Elimination of NSAIDs

Answer 2

Approximately 65% of the dose is excreted in the urine and approximately 35% in the bile as conjugates of unchanged diclofenac plus metabolites.

Question 3

Indications

Answer 3

Pain and inflammation

Question 4

Mechanism of action

Answer 4

NSAIDs inhibit synthesis of prostaglandins from arachidonic acid by inhibiting cyclooxygenase (COX).

COX-1 is the constitutive form. It stimulates prostaglandin synthesis that is essential to preserve integrity of the gastric mucosa; maintain renal perfusion (by dilating afferent glomerular arterioles); and inhibit thrombus formation at the vascular endothelium.

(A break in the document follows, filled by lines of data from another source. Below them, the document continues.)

(* Let $\mu:R\to S$ be a crossed module of racks. Then the induced group homomorphism ${\rm As}(\mu):{\rm As}(R)\to{\rm As}(S)$, together with the action of ${\rm As}(S)$ on ${\rm As}(R)$ by group automorphisms extending the given rack action of $S$ on $R$ (i.e. $i_R(r)\cdot i_S(s)=i_R(r\cdot s)$), is a crossed module of groups. In other words, the functor ${\rm As}$ sends crossed modules of racks to crossed modules of groups.
   Context: A (right) rack is a set with a binary operation $\lhd$ such that each $x\mapsto x\lhd y$ is bijective and $(x\lhd y)\lhd z=(x\lhd z)\lhd(y\lhd z)$. An action of a rack $R$ on a set $X$ is a family of bijections $x\mapsto x\cdot r$ ($r\in R$) with $(x\cdot r)\cdot r'=(x\cdot r')\cdot(r\lhd r')$; if $X$ is a rack, it is by automorphisms if also $(x\lhd x')\cdot r=(x\cdot r)\lhd(x'\cdot r)$. A crossed module of racks is a rack morphism $\mu:R\to S$ with an action of $S$ on $R$ by automorphisms such that $\mu(r\cdot s)=\mu(r)\lhd s$ and $r\cdot\mu(r')=r\lhd r'$ for all $r,r'\in R$, $s\in S$. For a rack $R$, the associated group ${\rm As}(R)$ is the quotient of the free group on the set $R$ by the normal subgroup generated by the elements $y^{-1}x^{-1}y(x\lhd y)$, $x,y\in R$, and $i_R:R\to{\rm As}(R)$ is the canonical map; a rack morphism $\mu:R\to S$ induces a group homomorphism ${\rm As}(\mu)$ with ${\rm As}(\mu)\circ i_R=i_S\circ\mu$. For a group $G$, the conjugation rack has $g\lhd h=h^{-1}gh$. A crossed module of groups is a group homomorphism $\mu:M\to N$ together with a right action of $N$ on $M$ by group automorphisms such that $\mu(m\cdot n)=n^{-1}\mu(m)n$ and $m\cdot\mu(m')=(m')^{-1}mm'$ for all $m,m'\in M$, $n\in N$. *)

From mathcomp Require Import all_boot.
Set Implicit Arguments. Unset Strict Implicit. Unset Printing Implicit Defensive.

Definition is_rack (R : Type) (op : R -> R -> R) : Prop :=
  (forall y, bijective (fun x => op x y)) /\
  (forall x y z, op (op x y) z = op (op x z) (op y z)).

Definition rack_morphism (R S : Type) (opR : R -> R -> R) (opS : S -> S -> S)
  (f : R -> S) : Prop := forall x y, f (opR x y) = opS (f x) (f y).

Definition rack_action (R X : Type) (opR : R -> R -> R) (act : X -> R -> X) : Prop :=
  (forall r, bijective (fun x => act x r)) /\
  (forall x r r', act (act x r) r' = act (act x r') (opR r r')).

Definition rack_action_by_aut (R X : Type) (opR : R -> R -> R) (opX : X -> X -> X)
  (act : X -> R -> X) : Prop :=
  rack_action opR act /\ forall x x' r, act (opX x x') r = opX (act x r) (act x' r).

Definition rack_crossed_module (R S : Type) (opR : R -> R -> R) (opS : S -> S -> S)
  (mu : R -> S) (act : R -> S -> R) : Prop :=
  is_rack opR /\ is_rack opS /\ rack_morphism opR opS mu /\
  rack_action_by_aut opS opR act /\
  (forall r s, mu (act r s) = opS (mu r) s) /\
  (forall r r', act r (mu r') = opR r r').

(* A letter (false, x) stands for the generator x, (true, x) for x^{-1}. *)
Definition word (R : Type) := seq (bool * R).

Definition gen (R : Type) (x : R) : word R := [:: (false, x)].
Definition w_inv (R : Type) (w : word R) : word R :=
  rev (map (fun l => (~~ l.1, l.2)) w).

(* As_eq op u v : u and v represent the same element of As(R), i.e. the
   congruence on the free monoid generated by free cancellation and by the
   relators y^{-1} x^{-1} y (x <| y); the quotient is the free group on R
   modulo the normal subgroup generated by these relators. *)
Inductive As_eq (R : Type) (op : R -> R -> R) : word R -> word R -> Prop :=
| As_cancel1 u v x : As_eq op (u ++ [:: (false, x); (true, x)] ++ v) (u ++ v)
| As_cancel2 u v x : As_eq op (u ++ [:: (true, x); (false, x)] ++ v) (u ++ v)
| As_rel u v x y :
    As_eq op (u ++ [:: (true, y); (true, x); (false, y); (false, op x y)] ++ v) (u ++ v)
| As_refl u : As_eq op u u
| As_sym u v : As_eq op u v -> As_eq op v u
| As_trans u v w : As_eq op u v -> As_eq op v w -> As_eq op u w.

Definition As_map (R S : Type) (mu : R -> S) (w : word R) : word S :=
  map (fun l => (l.1, mu l.2)) w.

(* Crossed module of groups mu : M -> N with M = As(R), N = As(S) (group law =
   concatenation, unit = [::], inverse = w_inv, equality = As_eq), where the
   homomorphism is As(mu) and alpha : M -> N -> M is the right action. *)
Definition As_group_crossed_module (R S : Type) (opR : R -> R -> R) (opS : S -> S -> S)
  (mu : R -> S) (alpha : word R -> word S -> word R) : Prop :=
      (forall m m', As_eq opR m m' -> As_eq opS (As_map mu m) (As_map mu m')) /\
      (forall m m' n n', As_eq opR m m' -> As_eq opS n n' ->
          As_eq opR (alpha m n) (alpha m' n')) /\
      (forall m, As_eq opR (alpha m [::]) m) /\
      (forall m n n', As_eq opR (alpha m (n ++ n')) (alpha (alpha m n) n')) /\
      (* by group automorphisms (endomorphisms; invertibility follows) *)
      (forall m m' n, As_eq opR (alpha (m ++ m') n) (alpha m n ++ alpha m' n)) /\
      (forall m n, As_eq opS (As_map mu (alpha m n)) (w_inv n ++ As_map mu m ++ n)) /\
      (forall m m', As_eq opR (alpha m (As_map mu m')) (w_inv m' ++ m ++ m')).

From mathcomp Require Import all_boot.
From Stdlib Require Import ClassicalEpsilon.
Set Implicit Arguments. Unset Strict Implicit. Unset Printing Implicit Defensive.

(* A word n of As(S) acts on R by running the rack action (or its inverse)
   along its letters, and on a word of As(R) letterwise.  The rack action law
   makes this invariant under the relators of As(S), and the action being by
   rack automorphisms makes each such map a rack endomorphism of R, hence
   compatible with the relators of As(R).  Since x <| y = y^-1 x y holds in
   As, the identities mu(r . s) = mu(r) <| s and r . mu(r') = r <| r' become,
   letter by letter, the two crossed-module identities of groups. *)

Definition letter_inv (T : Type) (l : bool * T) : bool * T := (~~ l.1, l.2).

Lemma w_inv_cons (T : Type) (l : bool * T) (w : word T) :
  w_inv (l :: w) = w_inv w ++ [:: letter_inv l].
Proof. by rewrite /w_inv /= rev_cons cats1. Qed.

Lemma As_map_id (T : Type) (m : word T) : As_map (fun x => x) m = m.
Proof. by elim: m => [|[b x] m /= ->]. Qed.

Lemma As_map_comp (T U V : Type) (f : U -> V) (g : T -> U) (m : word T) :
  As_map f (As_map g m) = As_map (f \o g) m.
Proof. by rewrite /As_map -map_comp. Qed.

Lemma eq_As_map (T U : Type) (f g : T -> U) : f =1 g -> As_map f =1 As_map g.
Proof. by move=> fg m; apply: eq_map => -[b x] /=; rewrite fg. Qed.

Lemma bijective_inverse_family (X Y : Type) (f : X -> Y -> X) :
  (forall y, bijective (f^~ y)) ->
  exists g : X -> Y -> X, (forall x y, g (f x y) y = x) /\ (forall x y, f (g x y) y = x).
Proof.
move=> f_bij.
have inv_ex y : exists g : X -> X, cancel (f^~ y) g /\ cancel g (f^~ y).
  by case: (f_bij y) => g fK gK; exists g.
pose inv y := proj1_sig (constructive_indefinite_description _ (inv_ex y)).
have invP y := proj2_sig (constructive_indefinite_description _ (inv_ex y)).
by exists (fun x y => inv y x); split=> x y; [exact: (invP y).1|exact: (invP y).2].
Qed.

Section AsEqTheory.
Variables (T : Type) (op : T -> T -> T).

Lemma As_eq_ctx (a b u v : word T) :
  As_eq op u v -> As_eq op (a ++ u ++ b) (a ++ v ++ b).
Proof.
have E u' c v' : a ++ (u' ++ c ++ v') ++ b = (a ++ u') ++ c ++ (v' ++ b).
  by rewrite !catA.
have E0 u' v' : a ++ (u' ++ v') ++ b = (a ++ u') ++ (v' ++ b) by rewrite !catA.
elim=> {u v} [u v x|u v x|u v x y|u|u v _ IH|u v w _ IH1 _ IH2].
- rewrite E E0; exact: As_cancel1.
- rewrite E E0; exact: As_cancel2.
- rewrite E E0; exact: As_rel.
- exact: As_refl.
- exact: As_sym.
- exact: As_trans IH2.
Qed.

Lemma As_eq_cat (u u' v v' : word T) :
  As_eq op u u' -> As_eq op v v' -> As_eq op (u ++ v) (u' ++ v').
Proof.
move=> eq_u eq_v; apply: (@As_trans _ _ _ (u' ++ v)).
  exact: (As_eq_ctx [::] v eq_u).
by have := As_eq_ctx u' [::] eq_v; rewrite !cats0.
Qed.

Lemma As_eq_letterV (l : bool * T) : As_eq op [:: l; letter_inv l] [::].
Proof.
case: l => [[] x]; [exact: (As_cancel2 op [::] [::] x)|exact: (As_cancel1 op [::] [::] x)].
Qed.

Lemma As_eq_mulrV (w : word T) : As_eq op (w ++ w_inv w) [::].
Proof.
elim: w => [|l w IH] /=; first exact: As_refl.
rewrite w_inv_cons; apply: As_trans (As_eq_letterV l).
by have := As_eq_ctx [:: l] [:: letter_inv l] IH; rewrite /= -!catA.
Qed.

Lemma As_eq_mulVr (w : word T) : As_eq op (w_inv w ++ w) [::].
Proof.
elim: w => [|l w IH] /=; first exact: As_refl.
rewrite w_inv_cons -catA; apply: As_trans IH.
have := As_eq_ctx (w_inv w) w (As_eq_letterV (letter_inv l)).
by rewrite /letter_inv /= negbK; case: l.
Qed.

Lemma As_eq_solve_l (u v : word T) : As_eq op (u ++ v) [::] -> As_eq op u (w_inv v).
Proof.
move=> uv1; apply: (@As_trans _ _ _ ((u ++ v) ++ w_inv v)); last first.
  exact: (As_eq_ctx [::] (w_inv v) uv1).
rewrite -catA; apply: As_sym.
by have := As_eq_ctx u [::] (As_eq_mulrV v); rewrite /= !cats0.
Qed.

Lemma As_eq_solve_r (u v : word T) : As_eq op (u ++ v) [::] -> As_eq op v (w_inv u).
Proof.
move=> uv1; apply: (@As_trans _ _ _ (w_inv u ++ (u ++ v))).
  by apply: As_sym; have := As_eq_ctx [::] v (As_eq_mulVr u); rewrite /= -catA.
by have := As_eq_ctx (w_inv u) [::] uv1; rewrite /= !cats0.
Qed.

Lemma As_eq_conjK (n v : word T) : As_eq op (n ++ (w_inv n ++ v ++ n) ++ w_inv n) v.
Proof.
have -> : n ++ (w_inv n ++ v ++ n) ++ w_inv n = (n ++ w_inv n) ++ v ++ (n ++ w_inv n).
  by rewrite !catA.
by have := As_eq_cat (As_eq_mulrV n) (As_eq_cat (As_refl op v) (As_eq_mulrV n)); rewrite cats0.
Qed.

Lemma As_eq_conj (b : bool) (x y : T) :
  As_eq op [:: (b, op x y)] [:: (true, y); (b, x); (false, y)].
Proof.
have rel : As_eq op ([:: (true, y); (true, x); (false, y)] ++ [:: (false, op x y)]) [::].
  exact: (As_rel op [::] [::] x y).
case: b; last exact: As_eq_solve_r rel.
by apply: As_sym; exact: As_eq_solve_l rel.
Qed.

Lemma As_eq_conjV (b : bool) (x y : T) :
  As_eq op [:: (b, x)] [:: (false, y); (b, op x y); (true, y)].
Proof.
apply: As_sym; apply: As_trans (As_eq_conjK [:: (false, y)] [:: (b, x)]).
exact: (As_eq_ctx [:: (false, y)] [:: (true, y)] (As_eq_conj b x y)).
Qed.

Lemma As_map_conj (X : Type) (f g : X -> T) (n : word T) :
  (forall b x, As_eq op [:: (b, g x)] (w_inv n ++ [:: (b, f x)] ++ n)) ->
  forall m, As_eq op (As_map g m) (w_inv n ++ As_map f m ++ n).
Proof.
move=> gf; elim=> [|[b x] m IH] /=.
  by apply: As_sym; exact: As_eq_mulVr.
apply: As_trans (As_eq_cat (gf b x) IH) _.
have := As_eq_ctx (w_inv n ++ [:: (b, f x)]) (As_map f m ++ n) (As_eq_mulrV n).
by rewrite -!catA.
Qed.

Lemma As_eq_foldl_conj (X : Type) (g : X -> T) (a : X -> bool * T -> X) :
  (forall x l b, As_eq op [:: (b, g (a x l))] [:: letter_inv l; (b, g x); l]) ->
  forall n x b, As_eq op [:: (b, g (foldl a x n))] (w_inv n ++ [:: (b, g x)] ++ n).
Proof.
move=> ga; elim=> [|l n IH] x b /=; first exact: As_refl.
apply: As_trans (IH (a x l) b) _.
have := As_eq_ctx (w_inv n) n (ga x l b).
by rewrite w_inv_cons -!catA.
Qed.

End AsEqTheory.

Lemma As_map_As_eq (T U : Type) (opT : T -> T -> T) (opU : U -> U -> U) (f : T -> U) :
  rack_morphism opT opU f ->
  forall m m', As_eq opT m m' -> As_eq opU (As_map f m) (As_map f m').
Proof.
move=> f_morph m m'; elim=> {m m'} [u v x|u v x|u v x y|u|u v _ IH|u v w _ IH1 _ IH2].
- rewrite /As_map !map_cat /=; exact: As_cancel1.
- rewrite /As_map !map_cat /=; exact: As_cancel2.
- rewrite /As_map !map_cat /= f_morph; exact: As_rel.
- exact: As_refl.
- exact: As_sym.
- exact: As_trans IH2.
Qed.

Section AsCrossedModule.
Variables (R S : Type) (opR : R -> R -> R) (opS : S -> S -> S).
Variables (act act_inv : R -> S -> R).
Hypothesis act_invK : forall r s, act_inv (act r s) s = r.
Hypothesis act_invKV : forall r s, act (act_inv r s) s = r.
Hypothesis act_act : forall r s s', act (act r s) s' = act (act r s') (opS s s').

Definition act_letter (r : R) (l : bool * S) : R :=
  if l.1 then act_inv r l.2 else act r l.2.

Definition act_word (r : R) (n : word S) : R := foldl act_letter r n.

Lemma act_word_cat (r : R) (n n' : word S) :
  act_word r (n ++ n') = act_word (act_word r n) n'.
Proof. exact: foldl_cat. Qed.

Lemma act_word_As_eq (n n' : word S) :
  As_eq opS n n' -> act_word^~ n =1 act_word^~ n'.
Proof.
elim=> {n n'} [u v s|u v s|u v s s'|u|u v _ IH|u v w _ IH1 _ IH2] r.
- by rewrite !act_word_cat /= /act_letter /= act_invK.
- by rewrite !act_word_cat /= /act_letter /= act_invKV.
- by rewrite !act_word_cat /= /act_letter /= -act_act !act_invKV.
- by [].
- by rewrite IH.
- by rewrite IH1 IH2.
Qed.

Hypothesis act_op : forall r r' s, act (opR r r') s = opR (act r s) (act r' s).

Lemma act_letter_op (l : bool * S) : rack_morphism opR opR (act_letter^~ l).
Proof.
move=> x y; case: l => [[] s]; rewrite /act_letter /=; last exact: act_op.
apply: (@can_inj _ _ (act^~ s) (act_inv^~ s) (act_invK^~ s)).
by rewrite /= act_op !act_invKV.
Qed.

Lemma act_word_op (n : word S) : rack_morphism opR opR (act_word^~ n).
Proof. by elim: n => [|l n IH] x y //=; rewrite act_letter_op IH. Qed.

Variable mu : R -> S.
Hypothesis mu_morph : rack_morphism opR opS mu.
Hypothesis mu_act : forall r s, mu (act r s) = opS (mu r) s.
Hypothesis act_mu : forall r r', act r (mu r') = opR r r'.

Lemma mu_act_letter (r : R) (l : bool * S) (b : bool) :
  As_eq opS [:: (b, mu (act_letter r l))] [:: letter_inv l; (b, mu r); l].
Proof.
case: l => [[] s]; rewrite /act_letter /=.
- rewrite -{2}(act_invKV r s) mu_act; exact: As_eq_conjV.
- rewrite mu_act; exact: As_eq_conj.
Qed.

Lemma act_letter_mu (r : R) (l : bool * R) (b : bool) :
  As_eq opR [:: (b, act_letter r (l.1, mu l.2))] [:: letter_inv l; (b, r); l].
Proof.
case: l => [[] r']; rewrite /act_letter /=.
- rewrite -{2}(act_invKV r (mu r')) act_mu; exact: As_eq_conjV.
- rewrite act_mu; exact: As_eq_conj.
Qed.

Lemma act_word_As_map (r : R) (m : word R) :
  act_word r (As_map mu m) = foldl (fun x l => act_letter x (l.1, mu l.2)) r m.
Proof. by elim: m r => [|l m IH] r //=. Qed.

Definition As_act (m : word R) (n : word S) : word R := As_map (act_word^~ n) m.

Lemma As_act_crossed_module : As_group_crossed_module opR opS mu As_act.
Proof.
split; first exact: As_map_As_eq.
split.
  move=> m m' n n' eq_m eq_n.
  apply: As_trans (As_map_As_eq (act_word_op n) eq_m) _.
  rewrite /As_act (eq_As_map (act_word_As_eq eq_n)); exact: As_refl.
split; first by move=> m; rewrite /As_act As_map_id; exact: As_refl.
split.
  move=> m n n'; rewrite /As_act As_map_comp.
  rewrite (eq_As_map (fun r => act_word_cat r n n')); exact: As_refl.
split; first by move=> m m' n; rewrite /As_act /As_map map_cat; exact: As_refl.
split.
  move=> m n; rewrite /As_act As_map_comp; apply: As_map_conj => b r.
  exact: As_eq_foldl_conj mu_act_letter n r b.
move=> m m'; rewrite -{2}(As_map_id m); apply: As_map_conj => b r.
rewrite /= act_word_As_map.
exact: (@As_eq_foldl_conj _ _ _ (fun x => x) _ act_letter_mu m' r b).
Qed.

End AsCrossedModule.

Theorem mainTheorem2 (R S : Type) (opR : R -> R -> R) (opS : S -> S -> S)
  (mu : R -> S) (act : R -> S -> R) :
  rack_crossed_module opR opS mu act ->
  exists alpha : word R -> word S -> word R,
    As_group_crossed_module opR opS mu alpha /\
    (* alpha extends the rack action: i_R(r) . i_S(s) = i_R(r . s) *)
    (forall r s, As_eq opR (alpha (gen r) (gen s)) (gen (act r s))).
Proof.
move=> [_ [_ [mu_morph [[[act_bij act_act] act_op] [mu_act act_mu]]]]].
have [act_inv [act_invK act_invKV]] := bijective_inverse_family act_bij.
exists (As_act act act_inv); split; last by move=> r s; exact: As_refl.
exact: As_act_crossed_module.
Qed.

COX-2 is the inducible form, expressed in response to inflammatory stimuli. It stimulates production of prostaglandins that cause inflammation and pain.

Question 5

Contraindications

Answer 5

GI toxicity - indigestion, renal impairment, liver failure, heart failure

Question 6

Side effects

Answer 6

GI toxicity - indigestion, renal impairment, increased cardiovascular risk

Question 7

Interactions

Answer 7

Ulceration: aspirin, steroids
Bleeding: anticoagulants, SSRIs
renal impairment: ACE inhibitors, diuretics

Question 8

Patient information

Answer 8

Explain you are recommending an anti-inflammatory drug to help improve symptoms of pain, swelling and/or fever.

Oral NSAIDs should be taken with food to minimise GI upset.

Warn patients that the most common side effect is indigestion and advise them to stop treatment and seek medical advice if this occurs.

For patients with acute pain, explain that long-term use, e.g. beyond 10 days, is not recommended due to the risk of side effects.